I've applied Honza's fix from PR91176 after bootstrapping & regtesting
on aarch64-linux-gnu.
Thanks Honza for the quick fix!
Richard
>
> Thanks,
> -Jiangning
>
>> -----Original Message-----
>> From: gcc-patches-owner@gcc.gnu.org <gcc-patches-owner@gcc.gnu.org>
>> On Behalf Of Jan Hubicka
>> Sent: Sunday, July 14, 2019 8:03 PM
>> To: gcc-patches@gcc.gnu.org
>> Subject: Remove array_index inliner hint
>>
>> Hi,
>> array_index hint marks functions contains an array reference that is indexed
>> by value that will become constant after inlining.
>> This hint is later used by ipa-inline in rather agressive way updating inline-
>> insns-auto to inline-insns-single for such functions. While tuning -finline-
>> functions for -O2 I have noticed that this leads to 30% code size growth of
>> SPEC versions of GCC. This is because all predicates like register_operand
>> contains such array references based on mode parameter and this makes
>> GCC to conclude about agressively inlining them all which bloats
>> insn-* a lot.
>>
>> This hint was quite early experiment with propagating additional stuff
>> through inliner. I think it is better to actualy account the instructions which
>> will be generated for array indexing rather then handling this specially.
>>
>> This patch makes us to accound 1 instruction for every non-constant array
>> access. This is still probably making inliner overly optimistic about inlining
>> benefits since these accesses will later be CSEed, but it kills bit of magic and
>> makes things more robust.
>>
>> This will make inliner notice that function will simplify and give it higher
>> priority for inlining possibly still bypassing the bounds if big speedup is
>> achieved. This is however a lot more rare than before.
>>
>> Bootstrapped/regtested x86_64-linux, comitted.
>>
>> Honza
>>
>> * ipa-fnsummary.c (ipa_dump_hints): Do not dump array_index.
>> (ipa_fn_summary::~ipa_fn_summary): Do not destroy array_index.
>> (ipa_fn_summary_t::duplicate): Do not duplicate array_index.

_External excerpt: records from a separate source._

(* Fix $I_{12},I_{23},I_{31}\in[0,\infty)$. For $(u_1,u_2,u_3)\in\mathcal{U}_H^{123}$, let $\alpha_1,\alpha_2,\alpha_3$ be the inner angles, opposite to sides $l_1,l_2,l_3$ respectively, of the hyperbolic triangle with side lengths $l_1,l_2,l_3$. Then the Jacobian matrix $\left(\partial\alpha_i/\partial u_j\right)_{i,j=1}^3$ is negative definite at every point of $\mathcal{U}_H^{123}$.
   Context: Put $u_i=\ln\tanh(r_i/2)$ with $r_i>0$ for $i=1,2,3$. Let $l_1,l_2,l_3>0$ be given by $$\cosh l_1=\cosh r_2\cosh r_3+I_{23}\sinh r_2\sinh r_3,$$ $$\cosh l_2=\cosh r_3\cosh r_1+I_{31}\sinh r_3\sinh r_1,$$ $$\cosh l_3=\cosh r_1\cosh r_2+I_{12}\sinh r_1\sinh r_2.$$ The set $\mathcal{U}_H^{123}\subset(-\infty,0)^3$ is the set of $(u_1,u_2,u_3)$ for which $l_1,l_2,l_3$ satisfy the strict triangle inequalities. The Jacobian matrix $\left(\partial\alpha_i/\partial u_j\right)$ is symmetric. *)

From Stdlib Require Import Reals Lra.
Open Scope R_scope.

Definition arcosh (x : R) : R := ln (x + sqrt (x * x - 1)).

(* r as a function of u, inverting u = ln (tanh (r/2)) for u < 0, r > 0:
   tanh (r/2) = exp u  <->  r = ln ((1 + exp u) / (1 - exp u)). *)
Definition r_of_u (u : R) : R := ln ((1 + exp u) / (1 - exp u)).

Definition len (I r r' : R) : R :=
  arcosh (cosh r * cosh r' + I * sinh r * sinh r').

Definition l1 (I12 I23 I31 u1 u2 u3 : R) : R := len I23 (r_of_u u2) (r_of_u u3).
Definition l2 (I12 I23 I31 u1 u2 u3 : R) : R := len I31 (r_of_u u3) (r_of_u u1).
Definition l3 (I12 I23 I31 u1 u2 u3 : R) : R := len I12 (r_of_u u1) (r_of_u u2).

(* inner angle opposite to side a in the hyperbolic triangle with sides a b c
   (hyperbolic law of cosines) *)
Definition hangle (a b c : R) : R :=
  acos ((cosh b * cosh c - cosh a) / (sinh b * sinh c)).

(* alpha_i, i = 0,1,2 standing for 1,2,3 *)
Definition alpha (I12 I23 I31 : R) (i : nat) (u1 u2 u3 : R) : R :=
  let a := l1 I12 I23 I31 u1 u2 u3 in
  let b := l2 I12 I23 I31 u1 u2 u3 in
  let c := l3 I12 I23 I31 u1 u2 u3 in
  match i with
  | 0%nat => hangle a b c
  | 1%nat => hangle b c a
  | _ => hangle c a b
  end.

Definition U_H123 (I12 I23 I31 u1 u2 u3 : R) : Prop :=
  u1 < 0 /\ u2 < 0 /\ u3 < 0 /\
  let a := l1 I12 I23 I31 u1 u2 u3 in
  let b := l2 I12 I23 I31 u1 u2 u3 in
  let c := l3 I12 I23 I31 u1 u2 u3 in
  a < b + c /\ b < c + a /\ c < a + b.

Definition section (f : R -> R -> R -> R) (j : nat) (u1 u2 u3 : R) : R -> R :=
  fun t => match j with
           | 0%nat => f t u2 u3
           | 1%nat => f u1 t u3
           | _ => f u1 u2 t
           end.

Definition neg_def3 (M : nat -> nat -> R) : Prop :=
  forall x : nat -> R, (x 0%nat <> 0 \/ x 1%nat <> 0 \/ x 2%nat <> 0) ->
    sum_f_R0 (fun i => sum_f_R0 (fun j => x i * M i j * x j) 2) 2 < 0.

From Stdlib Require Import Reals Lra Nsatz Lia.
Open Scope R_scope.
(* Let $f\in\mathbb V(\mathcal E_\oplus)$ and set $g:=-2\imath\,\Pi B(A-\imath B^\top TB)^{-1}f$. If $p\in\mathbb V(\Gamma_\oplus)$ solves $(I+\Pi S)p=g$, then $u:=(A-\imath B^\top TB)^{-1}(B^\top Tp+f)$ belongs to $\operatorname{range}(R)$, and $u_\Omega:=(R^\top R)^{-1}R^\top u$ (so that $Ru_\Omega=u$) satisfies $R^\top AR\,u_\Omega=R^\top f$; i.e. $u_\Omega$ is the unique solution of the global system $A_\Omega u_\Omega=f_\Omega$ with $A_\Omega:=R^\top AR$, $f_\Omega:=R^\top f$.
   Context: Let $\mathcal E$ be a finite set, $\mathcal E_1,\dots,\mathcal E_J$ subsets with $\mathcal E=\bigcup_j\mathcal E_j$, $\Sigma:=\bigcup_{1\le j<k\le J}(\mathcal E_j\cap\mathcal E_k)$, $\Gamma$ any set with $\Sigma\subset\Gamma\subset\mathcal E$, $\Gamma_j:=\Gamma\cap\mathcal E_j$. $\mathbb V(\mathcal F):=\mathbb C^{\mathcal F}$; $\mathbb V(\mathcal E_\oplus):=\prod_j\mathbb V(\mathcal E_j)$, $\mathbb V(\Gamma_\oplus):=\prod_j\mathbb V(\Gamma_j)$. Restrictions: $Rx=((x_e)_{e\in\mathcal E_1},\dots,(x_e)_{e\in\mathcal E_J})$ for $x\in\mathbb V(\mathcal E)$ ($R^\top R$ is the diagonal matrix with entries $\#\{j:e\in\mathcal E_j\}\ge1$); $Qx=((x_e)_{e\in\Gamma_1},\dots,(x_e)_{e\in\Gamma_J})$ for $x\in\mathbb V(\Gamma)$; $B_jx=(x_e)_{e\in\Gamma_j}$ for $x\in\mathbb V(\mathcal E_j)$, $B:=\mathrm{diag}(B_j)$; $\top$ is the non-conjugated transpose. For each $j$ let $T_j$ be a real symmetric positive definite matrix on $\mathbb V(\Gamma_j)$, $T:=\mathrm{diag}(T_1,\dots,T_J)$, $P:=Q(Q^\top TQ)^{-1}Q^\top T$, $\Pi:=2P-I$. Let $A=\mathrm{diag}(A_1,\dots,A_J)$, $A_j\in\mathbb C^{\mathcal E_j\times\mathcal E_j}$, satisfying (A1) $\operatorname{Im}(\bar v^\top Av)\le0$ for all $v\in\mathbb V(\mathcal E_\oplus)$ and (A2) $R^\top AR$ invertible; then $A-\imath B^\top TB$ is invertible. Scattering matrix: $S:=I+2\imath B(A-\imath B^\top TB)^{-1}B^\top T$. *)

(* Complex scalars: an arbitrary numClosedFieldType C
   (e.g. algC, or complex R for a real closed field R). *)
From HB Require Import structures.
From mathcomp Require Import all_boot all_order all_algebra.
Set Implicit Arguments. Unset Strict Implicit. Unset Printing Implicit Defensive.
Import Order.TTheory GRing.Theory Num.Theory.
Local Open Scope ring_scope.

>> (array_index_predicate): Remove.
>> (analyze_function_body): Account cost for variable ofsetted array
>> indexing.
>> (estimate_node_size_and_time): Do not compute array index hint.
>> (ipa_merge_fn_summary_after_inlining): Do not merge array index
>> hint.
>> (inline_read_section): Do not read array index hint.
>> (ipa_fn_summary_write): Do not write array index hint.
>> * doc/invoke.texi (ipa-cp-array-index-hint-bonus): Remove.
>> * ipa-cp.c (hint_time_bonus): Remove.
>> * ipa-fnsummary.h (ipa_hints_vals): Remove array_index.
>> (ipa_fnsummary): Remove array_index.
>> * ipa-inline.c (want_inline_small_function_p): Do not use
>> array_index.
>> (edge_badness): Likewise.
>> * params.def (PARAM_IPA_CP_ARRAY_INDEX_HINT_BONUS):
>> Remove.
>>
>> Index: doc/invoke.texi
>> ================================================================
>> ===
>> --- doc/invoke.texi (revision 273450)
>> +++ doc/invoke.texi (working copy)
>> @@ -11895,12 +11895,6 @@ of iterations of a loop known, it adds a
>> @option{ipa-cp-loop-hint-bonus} to the profitability score of the candidate.
>>
>> -@item ipa-cp-array-index-hint-bonus
>> -When IPA-CP determines that a cloning candidate would make the index of -
>> an array access known, it adds a bonus of -@option{ipa-cp-array-index-hint-
>> bonus} to the profitability -score of the candidate.
>> -
>> @item ipa-max-aa-steps
>> During its analysis of function bodies, IPA-CP employs alias analysis in order
>> to track values pointed to by function parameters. In order
>> Index: ipa-cp.c
>> ================================================================
>> ===
>> --- ipa-cp.c (revision 273450)
>> +++ ipa-cp.c (working copy)
>> @@ -2607,8 +2607,6 @@ hint_time_bonus (ipa_hints hints)
>> int result = 0;
>> if (hints & (INLINE_HINT_loop_iterations | INLINE_HINT_loop_stride))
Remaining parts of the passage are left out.